В этом контексте поверхностная критика сталинской системы со времен Хрущева должна рассматриваться с тех пор как бесконечный спор об экономических реформах, который всегда указывает только в направлении более сильного развития рыночных элементов и конкуренции. Но подлинные «рыночные» реформы были нейтрализованы за счет расширения интересов самого государственного капиталистического аппарата и его собственной динамики, которая тем временем развивалась. Из этого контекста становится ясно, что насильственный перенос советской государственно-капиталистической системы в уже промышленно развитые страны, такие как ГДР или Чехословакия, с самого начала был дисфункциональным и реакционным. Серьезный кризис всего Восточного блока как капитализма, так сказать, с ручным тормозом, должен развиваться неумолимо и, более того, может привести к серьезным социальным коллизиям. Через мировой рынок кризис восточного капитализма сливается с кризисом западного, который беспрепятственно движется к пропасти краха закона стоимости. Человечеству на Востоке и на Западе ничего не остается, как прекратить производство товаров или погибнуть вместе с этим способом производства.

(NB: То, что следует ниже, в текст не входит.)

(* Let $r\ge 1$, $m=2^r$, let $n$ be an odd positive integer, and let $b$ be a positive integer having property $\mathcal{P}$ with respect to $n$. Then $x^{2^i n}+b^m$ is irreducible over $\mathbb{Z}$ for every integer $i$ with $0\le i\le r$.
   Context: For a positive integer $N$, a positive integer $b$ has property $\mathcal{P}$ with respect to $N$ if either $b$ is a prime number, or $b=(p_1^{b_1}p_2^{b_2}\cdots p_k^{b_k})^d$ where $k\ge 2$, $p_1,\dots,p_k$ are distinct primes, $b_1,\dots,b_k\ge 1$, $\gcd(b_1,\ldots,b_k)=1$, and $d$ is a positive integer with $\gcd(d,N)=1$. A monic polynomial in $\mathbb{Z}[x]$ of degree $\ge 1$ is irreducible over $\mathbb{Z}$ if it is not a product of two polynomials in $\mathbb{Z}[x]$ of degree at least $1$. *)

From HB Require Import structures.
From mathcomp Require Import all_boot all_order all_algebra.
Set Implicit Arguments. Unset Strict Implicit. Unset Printing Implicit Defensive.
Import GRing.Theory Num.Theory.

(* The factorization
   b = (p_1^{b_1} ... p_k^{b_k})^d is expressed through the prime
   factorization of c := p_1^{b_1} ... p_k^{b_k}: its primes are
   [primes c] (distinct), its exponents are [logn p c] (all >= 1). *)
Definition propP (N b : nat) : Prop :=
  prime b \/
  exists c d : nat,
    [/\ 0 < d, coprime d N, b = c ^ d,
        2 <= size (primes c)
      & \big[gcdn/0]_(p <- primes c) logn p c = 1].

Definition irreducible_Z (f : {poly int}) : Prop :=
  (1 < size f)%N /\
  ~ exists g h : {poly int}, [/\ (1 < size g)%N, (1 < size h)%N & f = (g * h)%R].

From mathcomp Require Import all_boot all_order all_algebra all_field zify.
Import GRing.Theory Num.Theory.

Set Implicit Arguments.
Unset Strict Implicit.
Unset Printing Implicit Defensive.

(* Let N := 2^i n and a := b^(2^r), and let alpha be a complex root of
   f = X^N + a, living in a number field Qs.  We show that the degree
   d := [Q(alpha) : Q] equals N, which makes f irreducible over Q and a
   fortiori over Z.  Since alpha is a root of f, d <= N; and d = N follows
   from 2^i | d and n | d, as n is odd:
   - with t := b^(2^(r-i)), the element z := alpha^n / t satisfies
     z^(2^i) = -1, so z is a primitive 2^(i+1)-th root of unity; the
     cyclotomic polynomial gives [Q(z) : Q] = totient 2^(i+1) = 2^i, and
     Q(z) is a subfield of Q(alpha);
   - the constant term of the minimal polynomial of alpha is (up to sign)
     the product of d roots of f, an algebraic integer in Q, hence an
     integer w with w^N = a^d; property P of b then forces n | d. *)

Lemma dvdn_mul_big_gcdn (d m : nat) (s : seq nat) (F : nat -> nat) :
  (forall x, x \in s -> d %| m * F x) -> d %| m * \big[gcdn/0]_(x <- s) F x.
Proof.
rewrite (big_morph (muln m) (muln_gcdr m) (muln0 m)).
elim: s => [|x s IH] dvdF; first by rewrite big_nil dvdn0.
rewrite big_cons dvdn_gcd dvdF ?mem_head // IH // => y ys.
by apply: dvdF; rewrite inE ys orbT.
Qed.

(* If b has property P with respect to the odd number n and (b^(2^r))^e is
   a (k n)-th power, then n | e: n divides e times every prime exponent of
   b, and these exponents are d times coprime numbers with d coprime to n
   (or a single exponent 1 when b is prime). *)
Lemma propP_pow_dvd (n b r k e w : nat) :
  odd n -> propP n b -> w ^ (k * n) = (b ^ (2 ^ r)) ^ e -> n %| e.
Proof.
move=> odd_n [prime_b|[c [d [_ co_dn -> _ gcd_exps]]]] Ew.
  have := congr1 (logn b) Ew; rewrite !lognX (logn_prime b prime_b) eqxx muln1 => El.
  have : n %| e * 2 ^ r by rewrite -El (mulnC k) -mulnA dvdn_mulr.
  by rewrite Gauss_dvdl // coprimeXr // coprimen2.
rewrite -[e]muln1 -gcd_exps; apply: dvdn_mul_big_gcdn => p _.
have := congr1 (logn p) Ew; rewrite !lognX => El.
have : n %| (e * logn p c) * (2 ^ r * d).
  rewrite (_ : _ * _ = e * (2 ^ r * (d * logn p c))); last by nia.
  by rewrite -El (mulnC k) -mulnA dvdn_mulr.
by rewrite Gauss_dvdl // coprimeMr coprimeXr ?coprimen2 // coprime_sym co_dn.
Qed.

Local Open Scope ring_scope.

Lemma prim_root_of_pow2_root_N1 (R : idomainType) (z : R) (i : nat) :
  2%:R != 0 :> R -> z ^+ (2 ^ i) = -1 -> (2 ^ i.+1)%N.-primitive_root z.
Proof.
move=> two_neq0 z_root.
have unit_z : z ^+ (2 ^ i.+1) = 1.
  by rewrite expnS mulnC exprM z_root sqrrN expr1n.
have [k prim_k] := prim_order_exists (expn_gt0 2 i.+1) unit_z.
case/(dvdn_pfactor _ _ (isT : prime 2)) => j j_le Dk.
have k_ndvd : ~~ (k %| 2 ^ i)%N.
  rewrite (prim_order_dvd prim_k) z_root -subr_eq0 -opprD oppr_eq0.
  by rewrite (_ : 1 + 1 = 2%:R).
suff -> : (2 ^ i.+1)%N = k by [].
rewrite Dk; congr (_ ^ _)%N; apply/eqP; rewrite eqn_leq j_le ltnNge andbT.
by move: k_ndvd; apply: contra => j_le_i; rewrite Dk dvdn_Pexp2l.
Qed.

Lemma prod_opp_exp (R : comPzRingType) (rs : seq R) (N : nat) (c : R) :
  (forall z, z \in rs -> z ^+ N = c) ->
  (\prod_(z <- rs) (- z)) ^+ N = ((-1) ^+ N * c) ^+ size rs.
Proof.
elim: rs => [|z rs IH] rs_root; first by rewrite big_nil expr1n.
rewrite big_cons exprMn IH => [|y y_rs]; last by apply: rs_root; rewrite inE y_rs orbT.
by rewrite (exprNn z) (rs_root z (mem_head _ _)) exprS.
Qed.

Section NumberField.

Variables (Qs : fieldExtType rat) (QsC : {rmorphism Qs -> algC}).

Lemma map_intr_in_alg (g : {poly int}) :
  map_poly intr g = map_poly (in_alg Qs) (map_poly intr g) :> {poly Qs}.
Proof. by rewrite -map_poly_comp; apply: eq_map_poly => c /=; rewrite scaler_int. Qed.

Lemma map_intr_polyOver1 (g : {poly int}) :
  map_poly intr g \is a polyOver (1%VS : {vspace Qs}).
Proof. by rewrite map_intr_in_alg alg_polyOver. Qed.

Lemma size_map_intr (g : {poly int}) : size (map_poly intr g : {poly Qs}) = size g.
Proof. by rewrite map_intr_in_alg size_map_poly size_map_inj_poly //; apply: intr_inj. Qed.

Lemma map_poly_QsC_in_alg (q : {poly rat}) :
  map_poly QsC (map_poly (in_alg Qs) q) = map_poly ratr q.
Proof.
by rewrite -map_poly_comp; apply: eq_map_poly => c /=; rewrite alg_num_field fmorph_rat.
Qed.

(* The degree of z over Q can be read off in algC: the minimal polynomials
   of z over Q and of its image in algC divide each other. *)
Lemma adjoin_degree_minCpoly (z : Qs) :
  adjoin_degree 1%VS z = (size (minCpoly (QsC z))).-1.
Proof.
have /polyOver1P [m Dm] := minPolyOver 1%AS z.
have [q [-> mon_q] root_q] := minCpolyP (QsC z).
have q_neq0 : q != 0 by apply: monic_neq0.
have root_m : root (map_poly ratr m) (QsC z).
  by rewrite -map_poly_QsC_in_alg -Dm fmorph_root root_minPoly.
have m_neq0 : m != 0.
  by rewrite -size_poly_eq0 -(size_map_poly (in_alg Qs)) -Dm size_minPoly.
have q_le_m : (size q <= size m)%N by apply: dvdp_leq; rewrite // -root_q.
have root_qz : root (map_poly (in_alg Qs) q) z.
  by rewrite -(fmorph_root QsC) map_poly_QsC_in_alg root_q dvdpp.
have q_alg_neq0 : map_poly (in_alg Qs) q != 0 by rewrite map_poly_eq0.
have := dvdp_leq q_alg_neq0 (minPoly_dvdp (K := 1%AS) (alg_polyOver _ q) root_qz).
move: q_le_m; rewrite -(size_map_poly (in_alg Qs) m) -Dm !size_map_poly size_minPoly.
move=> q_le q_gt; suff -> : size q = (adjoin_degree 1%AS z).+1 by [].
by apply/eqP; rewrite eqn_leq q_le q_gt.
Qed.

Lemma adjoin_degree_prim_root (z : Qs) (k : nat) :
  k.-primitive_root (QsC z) -> adjoin_degree 1%VS z = totient k.
Proof.
by move=> prim_z; rewrite adjoin_degree_minCpoly (minCpoly_cyclotomic prim_z) size_cyclotomic.
Qed.

Lemma minPoly_dvd_XnaddC (x : Qs) (N a : nat) :
  x ^+ N = - a%:R -> minPoly 1%VS x %| 'X^N + (a%:R)%:P.
Proof.
move=> x_root; apply: (minPoly_dvdp (K := 1%AS)).
  by rewrite rpredD ?rpredX ?polyOverX ?polyOverC ?rpred_nat.
by rewrite rootE hornerD hornerXn hornerC x_root addNr.
Qed.

(* If x^(2^i n) = -t^(2^i), then x^n / t is a primitive 2^(i+1)-th root of
   unity in Q(x), whose degree 2^i divides [Q(x) : Q]. *)
Lemma pow2_dvd_adjoin_degree (x : Qs) (i n t : nat) :
  (0 < t)%N -> x ^+ (2 ^ i * n) = - (t ^ 2 ^ i)%:R ->
  (2 ^ i %| adjoin_degree 1%VS x)%N.
Proof.
move=> t_gt0 x_root; pose z := ((t%:R)^-1 : rat) *: x ^+ n.
have zC_root : QsC z ^+ (2 ^ i) = -1.
  have tX_neq0 : (t ^ 2 ^ i)%:R != 0 :> algC by rewrite pnatr_eq0 -lt0n expn_gt0 t_gt0.
  rewrite rmorphZ_num exprMn -(rmorphXn QsC) -exprM (mulnC n) x_root rmorphN rmorph_nat.
  by rewrite fmorphV rmorph_nat exprVn mulrN -natrX mulVf.
have deg_z : adjoin_degree 1%VS z = (2 ^ i)%N.
  rewrite (adjoin_degree_prim_root (prim_root_of_pow2_root_N1 _ zC_root)) ?pnatr_eq0 //.
  by rewrite totient_pfactor // mul1n.
have sub_z : (<<1%AS; z>> <= <<1%AS; x>>)%VS.
  apply/FadjoinP; split; first exact: sub1v.
  by rewrite memvZ // rpredX // memv_adjoin.
by have := field_dimS sub_z; rewrite !dim_Fadjoin dimv1 !muln1 deg_z.
Qed.

(* If x^N = -a, the constant term of the minimal polynomial of x is, up to
   sign, a product of d = [Q(x) : Q] roots of X^N + a: an integer w with
   w^N = a^d. *)
Lemma minPoly_const_pow (x : Qs) (N a : nat) :
  (0 < N)%N -> x ^+ N = - a%:R ->
  exists w : nat, (w ^ N = a ^ adjoin_degree 1%VS x)%N.
Proof.
move=> N_gt0 x_root; have /polyOver1P [p Dp] := minPolyOver 1%AS x.
pose pC := map_poly QsC (minPoly 1%VS x).
have pC_rat : pC = map_poly ratr p by rewrite /pC Dp map_poly_QsC_in_alg.
have mon_pC : pC \is monic by rewrite map_monic monic_minPoly.
have pC_dvd : pC %| 'X^N + (a%:R)%:P.
  have -> : 'X^N + (a%:R)%:P = map_poly QsC ('X^N + (a%:R)%:P).
    by rewrite rmorphD /= map_polyXn map_polyC /= rmorph_nat.
  by rewrite dvdp_map minPoly_dvd_XnaddC.
have [rs Drs] := closed_field_poly_normal pC.
rewrite (monicP mon_pC) scale1r in Drs.
have size_rs : size rs = adjoin_degree 1%VS x.
  by have := size_prod_XsubC rs id; rewrite -Drs /pC size_map_poly size_minPoly => -[].
have root_rs (z : algC) : z \in rs -> z ^+ N = - a%:R.
  move=> z_rs; have : root ('X^N + (a%:R)%:P) z.
    by apply: root_dvdp pC_dvd _; rewrite Drs root_prod_XsubC.
  by rewrite rootE hornerD hornerXn hornerC addr_eq0 => /eqP.
have pC0 : pC.[0] = \prod_(z <- rs) (- z).
  by rewrite Drs horner_prod; apply: eq_bigr => z _; rewrite hornerXsubC sub0r.
have pC0_int : pC.[0] \in Num.int.
  apply: Cint_rat_Aint; first by rewrite pC_rat horner_coef0 coef_map Crat_rat.
  rewrite pC0 big_seq rpred_prod // => z z_rs; rewrite rpredN.
  have fz_root : root ('X^N + (a%:R)%:P) z.
    by rewrite rootE hornerD hornerXn hornerC root_rs // addNr.
  apply: root_monic_Aint fz_root (monicXnaddC _ N_gt0) _.
  apply/polyOverP => j; rewrite coefD coefXn coefC rpredD ?natr_int //.
  by case: ifP => _; rewrite ?natr_int ?rpred0.
have [w Dw] := natrP (natr_norm_int pC0_int).
exists w; apply/eqP; rewrite -(eqr_nat algC) !natrX -Dw -normrX pC0.
rewrite (prod_opp_exp root_rs) size_rs normrX normrM normrX normrN normr1.
by rewrite expr1n mul1r normrN normr_nat.
Qed.

Lemma irreducible_Z_of_root_degree (f : {poly int}) (x : Qs) :
  (1 < size f)%N -> root (map_poly intr f) x ->
  adjoin_degree 1%VS x = (size f).-1 -> irreducible_Z f.
Proof.
move=> size_f root_f deg_x; split=> // -[g [h [size_g size_h Df]]].
have factor_large (u : {poly int}) :
    (1 < size u)%N -> root (map_poly intr u) x -> (size f <= size u)%N.
  move=> size_u root_u; have u_neq0 : map_poly intr u != 0 :> {poly Qs}.
    by rewrite -size_poly_eq0 size_map_intr -lt0n ltnW.
  have := dvdp_leq u_neq0 (minPoly_dvdp (K := 1%AS) (map_intr_polyOver1 u) root_u).
  by rewrite size_minPoly size_map_intr deg_x prednK // ltnW.
have g_neq0 : g != 0 by rewrite -size_poly_eq0 -lt0n ltnW.
have h_neq0 : h != 0 by rewrite -size_poly_eq0 -lt0n ltnW.
have size_gh : size f = (size g + size h).-1 by rewrite Df size_mul.
move: root_f; rewrite Df rmorphM rootM => /orP[/(factor_large _ size_g)|/(factor_large _ size_h)]; lia.
Qed.

End NumberField.

Theorem lemma4 (r n b : nat) :
  (1 <= r)%N -> (0 < n)%N -> odd n -> (0 < b)%N -> propP n b ->
  forall i : nat, (i <= r)%N ->
    irreducible_Z ('X^(2 ^ i * n) + ((b ^ (2 ^ r))%N%:Z)%:P).
Proof.
move=> _ n_gt0 odd_n b_gt0 propP_b i i_le_r.
set N := (2 ^ i * n)%N; set a := (b ^ 2 ^ r)%N.
have N_gt0 : (0 < N)%N by rewrite muln_gt0 expn_gt0 n_gt0.
have size_XnaddC (R : nzRingType) (c : R) : size ('X^N + c%:P) = N.+1.
  by rewrite size_polyDl ?size_polyXn // ltnS (leq_trans (size_polyC_leq1 c)).
have [Qs [QsC [[|x []] // [Dx] _]]] := num_field_exists [:: N.-root (- a%:R)].
have x_root : x ^+ N = - a%:R.
  by apply: (fmorph_inj QsC); rewrite rmorphXn Dx rootCK // rmorphN rmorph_nat.
have d_le_N : (adjoin_degree 1%VS x <= N)%N.
  have XnaddC_neq0 := monic_neq0 (monicXnaddC (a%:R : Qs) N_gt0).
  by have := dvdp_leq XnaddC_neq0 (minPoly_dvd_XnaddC x_root); rewrite size_minPoly size_XnaddC.
have pow2_dvd : (2 ^ i %| adjoin_degree 1%VS x)%N.
  apply: (pow2_dvd_adjoin_degree QsC (n := n) (t := b ^ 2 ^ (r - i))).
    by rewrite expn_gt0 b_gt0.
  by rewrite x_root -expnM -expnD subnK.
have n_dvd : (n %| adjoin_degree 1%VS x)%N.
  have [w Ew] := minPoly_const_pow QsC N_gt0 x_root.
  exact: propP_pow_dvd odd_n propP_b Ew.
have deg_x : adjoin_degree 1%VS x = N.
  apply/eqP; rewrite eqn_leq d_le_N dvdn_leq ?adjoin_deg_gt0 //.
  by rewrite /N Gauss_dvd ?pow2_dvd ?n_dvd // coprimeXl // coprime2n.
apply: (irreducible_Z_of_root_degree (x := x)); rewrite ?size_XnaddC ?ltnS //.
by rewrite rmorphD /= map_polyXn map_polyC /= -pmulrn rootE hornerD hornerXn hornerC x_root addNr.
Qed.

Задачи революционной левой
Реальная борьба рабочего класса в нынешнем процессе кризиса и изменений в мировом капитализме, наконец, не имеет места в этом способе производства; они могут иметь перспективу только в том случае, если они сочетаются со стратегической ориентацией на переформулировку социалистической цели. Такая перспектива может быть развита революционными левыми только посредством критики регрессивной идеологии среднего класса, «критики производительных сил» и ее реакционных националистических или «регионалистских» политических последствий. Ибо уничтожение товарного производства возможно только на международном уровне через общеевропейскую социалистическую рабочую революцию. Отказ от всех узкоколейных реакционных «объединительных» фантазий националистических левых, с одной стороны, и переформулировка социалистической цели как критика старого рабочего движения и советского государственного капитализма, с другой, являются двумя сторонами такая же монета..
*Роберт Курц (1943-2012) был марксистским активистом и теоретиком. Автор среди прочих книг «Последние бои» («Голоса»).
Перевод: Маркос Баррейра на Блог Бойтемпо.
Первоначально опубликовано на Гемейнсаме Бейлаге, No. 1, 30 ноября 1984 г.